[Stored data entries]
Lemma vandermondeE n :
  @vandermonde n = \sum_(s : 'S_n) (-1) ^+ inversions s *: 'X_[perm_mnm s].
Proof.
have -> : @vandermonde n = \det (Vandermonde n (\row_j 'X_j))^T.
  rewrite det_tr det_Vandermonde; apply: eq_bigr => i _.
  by apply: eq_big => // j _; rewrite !mxE.
apply: eq_bigr => s _.
rewrite -[(-1) ^+ inversions s]signr_odd odd_inversions mulr_sign scaler_sign.
by congr (if _ then - _ else _); rewrite mpolyXE_id; apply: eq_bigr => i _; rewrite !mxE mnmE.
Qed.

Section Superspace.
Variable n : nat.
Implicit Types (S : {set 'I_n}) (g p : {mpoly rat[n]}) (w : superpoly n).

Definition supermon S p : superpoly n := [ffun T => if T == S then p else 0].

Lemma supermon_is_zmod_morphism S : zmod_morphism (supermon S).
Proof. by move=> p q; apply/ffunP => T; rewrite !ffunE; case: ifP; rewrite ?subr0. Qed.

HB.instance Definition _ S :=
  GRing.isZmodMorphism.Build _ _ (supermon S) (supermon_is_zmod_morphism S).

Lemma thetaL_is_zmod_morphism (j : 'I_n) : zmod_morphism (thetaL j).
Proof.
by move=> w w'; apply/ffunP => T; rewrite !ffunE; case: ifP; rewrite ?subr0 // scalerBr.
Qed.

HB.instance Definition _ j :=
  GRing.isZmodMorphism.Build _ _ (thetaL j) (thetaL_is_zmod_morphism j).

Lemma coefwise_is_zmod_morphism (f : {additive {mpoly rat[n]} -> {mpoly rat[n]}}) :
  zmod_morphism (coefwise f).
Proof. by move=> w w'; apply/ffunP => T; rewrite !ffunE raddfB. Qed.

HB.instance Definition _ (f : {additive {mpoly rat[n]} -> {mpoly rat[n]}}) :=
  GRing.isZmodMorphism.Build _ _ (coefwise f) (coefwise_is_zmod_morphism f).

Lemma dop_is_zmod_morphism i : zmod_morphism (@dop n i).
Proof. by move=> w w'; rewrite /dop -sumrB; apply: eq_bigr => j _; rewrite !raddfB. Qed.

HB.instance Definition _ i :=
  GRing.isZmodMorphism.Build _ _ (@dop n i) (dop_is_zmod_morphism i).

Lemma pdiff_is_linear g : linear (pdiff g).
Proof.
move=> c p q; rewrite /pdiff scaler_sumr -big_split; apply: eq_bigr => m _.
by rewrite mderivmD mderivmZ scalerDr !scalerA mulrC.
Qed.

HB.instance Definition _ g :=
  GRing.isLinear.Build rat {mpoly rat[n]} {mpoly rat[n]} _ (pdiff g) (pdiff_is_linear g).

HB.instance Definition _ g := GRing.Additive.copy (spdiff g) (coefwise (pdiff g)).

Lemma spdiff_supermon g S p : spdiff g (supermon S p) = supermon S (pdiff g p).
Proof. by apply/ffunP => T; rewrite !ffunE; case: ifP; rewrite ?raddf0. Qed.

Lemma dop_supermon i S p :
  dop i (supermon S p) =
  \sum_(j | j \notin S) supermon (j |: S) (theta_sign j S *: p^`M(j, i)).
Proof.
rewrite /dop [RHS]big_mkcond; apply: eq_bigr => j _; apply/ffunP => T.
case: ifPn => jS; rewrite !ffunE; last first.
  case: ifP => // jT; case: eqP => [TjS|_]; last by rewrite raddf0 scaler0.
  by move: jS; rewrite -TjS setD11.
case: ifPn => jT; last by case: eqP => // TE; move: jT; rewrite TE setU11.
have -> : (T :\ j == S) = (T == j |: S).
  by apply/eqP/eqP => [<-|->]; rewrite ?setD1K ?setU1K.
by case: eqP => [->|_]; rewrite ?setU1K ?raddf0 ?scaler0.
Qed.

Lemma pdiff_subset g p (s : seq 'X_{1..n}) : uniq s -> {subset msupp g <= s} ->
  pdiff g p = \sum_(m <- s) g@_m *: p^`M[m].
Proof.
move=> s_uniq gs; rewrite /pdiff [RHS](bigID (mem (msupp g))) /=.
rewrite [X in _ + X]big1 ?addr0 => [|m /memN_msupp_eq0 ->]; last by rewrite scale0r.
rewrite -[RHS]big_filter; apply/perm_big/uniq_perm; rewrite ?msupp_uniq ?filter_uniq //.
by move=> m; rewrite mem_filter; case: (boolP (m \in msupp g)) => // /gs ->.
Qed.

Lemma pdiffDl g1 g2 p : pdiff (g1 + g2) p = pdiff g1 p + pdiff g2 p.
Proof.
pose s := undup (msupp g1 ++ msupp g2).
have g1s : {subset msupp g1 <= s} by move=> m m1; rewrite mem_undup mem_cat m1.
have g2s : {subset msupp g2 <= s} by move=> m m2; rewrite mem_undup mem_cat m2 orbT.
have g12s : {subset msupp (g1 + g2) <= s} by move=> m /msuppD_le; rewrite mem_undup.
rewrite !(@pdiff_subset _ _ s) ?undup_uniq // -big_split.
by apply: eq_bigr => m _; rewrite mcoeffD scalerDl.
Qed.

Lemma pdiff0l p : pdiff 0 p = 0.
Proof. by rewrite /pdiff msupp0 big_nil. Qed.

Lemma pdiff_suml (I : Type) (r : seq I) (P : pred I) (F : I -> {mpoly rat[n]}) p :
  pdiff (\sum_(i <- r | P i) F i) p = \sum_(i <- r | P i) pdiff (F i) p.
Proof.
exact: (big_morph (fun g => pdiff g p) (fun g1 g2 => pdiffDl g1 g2 p) (pdiff0l p)).
Qed.

Lemma pdiffX m p : pdiff 'X_[m] p = p^`M[m].
Proof. by rewrite /pdiff msuppX big_seq1 mcoeffX eqxx scale1r. Qed.

Definition bool_mnm (b : {ffun 'I_n -> bool}) : 'X_{1..n} := [multinom (b i : nat) | i < n].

_Assignment_
All that is wanted is the run of lines from the start of the data through the line containing "HB.instance Definition _ i", copied word for word.

_Response to this task_
Lemma vandermondeE n :
  @vandermonde n = \sum_(s : 'S_n) (-1) ^+ inversions s *: 'X_[perm_mnm s].
Proof.
have -> : @vandermonde n = \det (Vandermonde n (\row_j 'X_j))^T.
  rewrite det_tr det_Vandermonde; apply: eq_bigr => i _.
  by apply: eq_big => // j _; rewrite !mxE.
apply: eq_bigr => s _.
rewrite -[(-1) ^+ inversions s]signr_odd odd_inversions mulr_sign scaler_sign.
by congr (if _ then - _ else _); rewrite mpolyXE_id; apply: eq_bigr => i _; rewrite !mxE mnmE.
Qed.

Section Superspace.
Variable n : nat.
Implicit Types (S : {set 'I_n}) (g p : {mpoly rat[n]}) (w : superpoly n).

Definition supermon S p : superpoly n := [ffun T => if T == S then p else 0].

Lemma supermon_is_zmod_morphism S : zmod_morphism (supermon S).
Proof. by move=> p q; apply/ffunP => T; rewrite !ffunE; case: ifP; rewrite ?subr0. Qed.

HB.instance Definition _ S :=
  GRing.isZmodMorphism.Build _ _ (supermon S) (supermon_is_zmod_morphism S).

Lemma thetaL_is_zmod_morphism (j : 'I_n) : zmod_morphism (thetaL j).
Proof.
by move=> w w'; apply/ffunP => T; rewrite !ffunE; case: ifP; rewrite ?subr0 // scalerBr.
Qed.

HB.instance Definition _ j :=
  GRing.isZmodMorphism.Build _ _ (thetaL j) (thetaL_is_zmod_morphism j).

Lemma coefwise_is_zmod_morphism (f : {additive {mpoly rat[n]} -> {mpoly rat[n]}}) :
  zmod_morphism (coefwise f).
Proof. by move=> w w'; apply/ffunP => T; rewrite !ffunE raddfB. Qed.

HB.instance Definition _ (f : {additive {mpoly rat[n]} -> {mpoly rat[n]}}) :=
  GRing.isZmodMorphism.Build _ _ (coefwise f) (coefwise_is_zmod_morphism f).

Lemma dop_is_zmod_morphism i : zmod_morphism (@dop n i).
Proof. by move=> w w'; rewrite /dop -sumrB; apply: eq_bigr => j _; rewrite !raddfB. Qed.

HB.instance Definition _ i :=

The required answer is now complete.